Since only the notary is involved in adjudicating the expiry, the timeouts merely need to be sufficient to cover the speed at which the notary makes decisions, which is not only better than Conditional Channels (blockchain confirmation time + peer timeout), but also better than Escrow (blockchain confirmation time), assuming the notary is faster and/or cheaper than the blockchain, which is likely since it may be less decentralized and otherwise we would just use Escrow instead.

Simplicity

This scheme allows a wide range of security trade-offs while maintaining very simple blockchain validation rules.

Relation to Escrow

When two parties transact, they have fundamentally two choices: Escrow or no escrow (i.e. PayChan). Delegated Channels add an option in the middle - escrow, but with some lower level of security.

Nesting

Theoretically, the notary can themselves use a delegated channel to decide the amount. In order words, it is possible to have multiple levels of delegation if desired. For example, a pair of peers may choose RCL Escrow to handle payments over $10000, a Delegated Channel with a 4-of-7 notary group to handle payments over $100, and a centralized notary to handle all remaining payments.

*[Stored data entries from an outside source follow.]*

(* Assume $|M|\ge 2$. Let $(T_{opt},B_{opt})$ be an optimal solution of an instance of MEMTCS and let $T_I$ be a minimum isotropic scattering tree for $M$. Then $\sum_{u\in nl(T_{opt})}|B_{opt}(u)|\ \ge\ \Xi(T_I)-|d^+(T_{opt})|+1$.
   Context: Let $G=(V,E)$ be a finite, simple, undirected, connected graph with $|V|\ge 2$. Fix a positive integer $K$ and, for every $u\in V$, a nonempty set $\Gamma(u)\subseteq\{1,\dots,K\}$. For a tree $T$, $N(T)$ is its vertex set, $nb_T(u)$ the neighbours of $u$ in $T$, and $d^+(T)$ the set of vertices of degree greater than one in $T$; if $T$ is rooted, $nl(T)$ is its set of non-leaf vertices and $child(u,T)$ the set of children of $u$. A hitting set of a collection $\mathcal C$ of subsets of a finite set $\mathcal F$ is a subset of $\mathcal F$ meeting every member of $\mathcal C$. For a tree $T$ in $G$ and $u\in d^+(T)$, let $\Upsilon(u,T)$ be a minimum-cardinality hitting set of $\{\Gamma(v): v\in nb_T(u)\}$, and let $\Xi(T)=\sum_{u\in d^+(T)}|\Upsilon(u,T)|$. A minimum isotropic scattering tree $T_I$ for $M$ is a tree in $G$ with $M\subseteq N(T_I)$ minimizing $\Xi$ among all such trees. An instance of MEMTCS consists of $G,K,\Gamma$, a terminal set $M\subseteq V$, a source $s\in M$, and reals $e_s\ge e_r\ge 0$. A multicast tree is a subtree $T$ of $G$ with $M\subseteq N(T)$, rooted at $s$. A feasible schedule for $T$ is a function $B: nl(T)\to 2^{\{1,\dots,K\}}$ such that each $B(u)$ is a hitting set of $\{\Gamma(v): v\in child(u,T)\}$. Its cost is $\Pi(T,B)=\sum_{u\in nl(T)}|B(u)|\,e_s+(|N(T)|-1)\,e_r$. An optimal solution $(T_{opt},B_{opt})$ minimizes $\Pi$ over all pairs of a multicast tree and a feasible schedule for it. *)

From HB Require Import structures.
From mathcomp Require Import all_boot all_order all_algebra.
Set Implicit Arguments. Unset Strict Implicit. Unset Printing Implicit Defensive.
Import Order.TTheory GRing.Theory Num.Theory.

Section Defs.
Variable V : finType.

Definition simple_graph (E : rel V) := symmetric E /\ irreflexive E.
Definition graph_connected (E : rel V) := forall u v : V, connect E u v.

(* A subgraph given by a vertex set N and a set F of (unordered) edges {u,v}. *)
Definition adjF (F : {set {set V}}) : rel V := fun u v => [set u; v] \in F.

Definition is_tree (E : rel V) (N : {set V}) (F : {set {set V}}) : Prop :=
  [/\ (forall f, f \in F -> exists u v, [/\ f = [set u; v], u != v, E u v,
                                          u \in N & v \in N]),
      N != set0,
      (forall u v, u \in N -> v \in N -> connect (adjF F) u v)
    & #|F| = (#|N| - 1)%N].

Definition nbT (F : {set {set V}}) (u : V) : {set V} := [set v | adjF F u v].
Definition dplus (N : {set V}) (F : {set {set V}}) : {set V} :=
  [set u in N | 1 < #|nbT F u|]%N.

(* Rooted at s: v is a child of u iff {u,v} is an edge whose removal
   separates v from the root s. *)
Definition childT (s : V) (F : {set {set V}}) (u : V) : {set V} :=
  [set v | adjF F u v && ~~ connect (adjF (F :\ [set u; v])) s v].
Definition nlT (s : V) (N : {set V}) (F : {set {set V}}) : {set V} :=
  [set u in N | childT s F u != set0].

Variable K : nat.
Variable Gamma : V -> {set 'I_K}.

Definition hits (B : {set 'I_K}) (S : {set V}) : bool :=
  [forall v in S, B :&: Gamma v != set0].

Definition min_hit (S : {set V}) : nat :=
  #| [arg min_(B < setT | hits B S) #|B| ] |.

Definition Xi (N : {set V}) (F : {set {set V}}) : nat :=
  (\sum_(u in dplus N F) min_hit (nbT F u))%N.

Definition feasible (s : V) (N : {set V}) (F : {set {set V}})
  (B : V -> {set 'I_K}) : Prop :=
  forall u, u \in nlT s N F -> hits (B u) (childT s F u).

Definition cost (R : realFieldType) (es er : R) (s : V) (N : {set V})
  (F : {set {set V}}) (B : V -> {set 'I_K}) : R :=
  ((\sum_(u in nlT s N F) #|B u|)%N)%:R * es + ((#|N| - 1)%N)%:R * er.

End Defs.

Note that the transaction timeouts can be can be lower for lower tiers of validation and are not constrained by the speed of the top tier system (RCL in the example). The channel timeouts can be larger and must increase from the lowest tier system to the highest tier system, so that a claim can be submitted at the lower tier system while still allowing enough time to then use the result to submit a claim at the higher tier system.

In practice a nested system might not be worth building since having three points on the risk/speed spectrum might be enough. However, note that RCL would not have to change if somebody decided to implement nesting in their notary.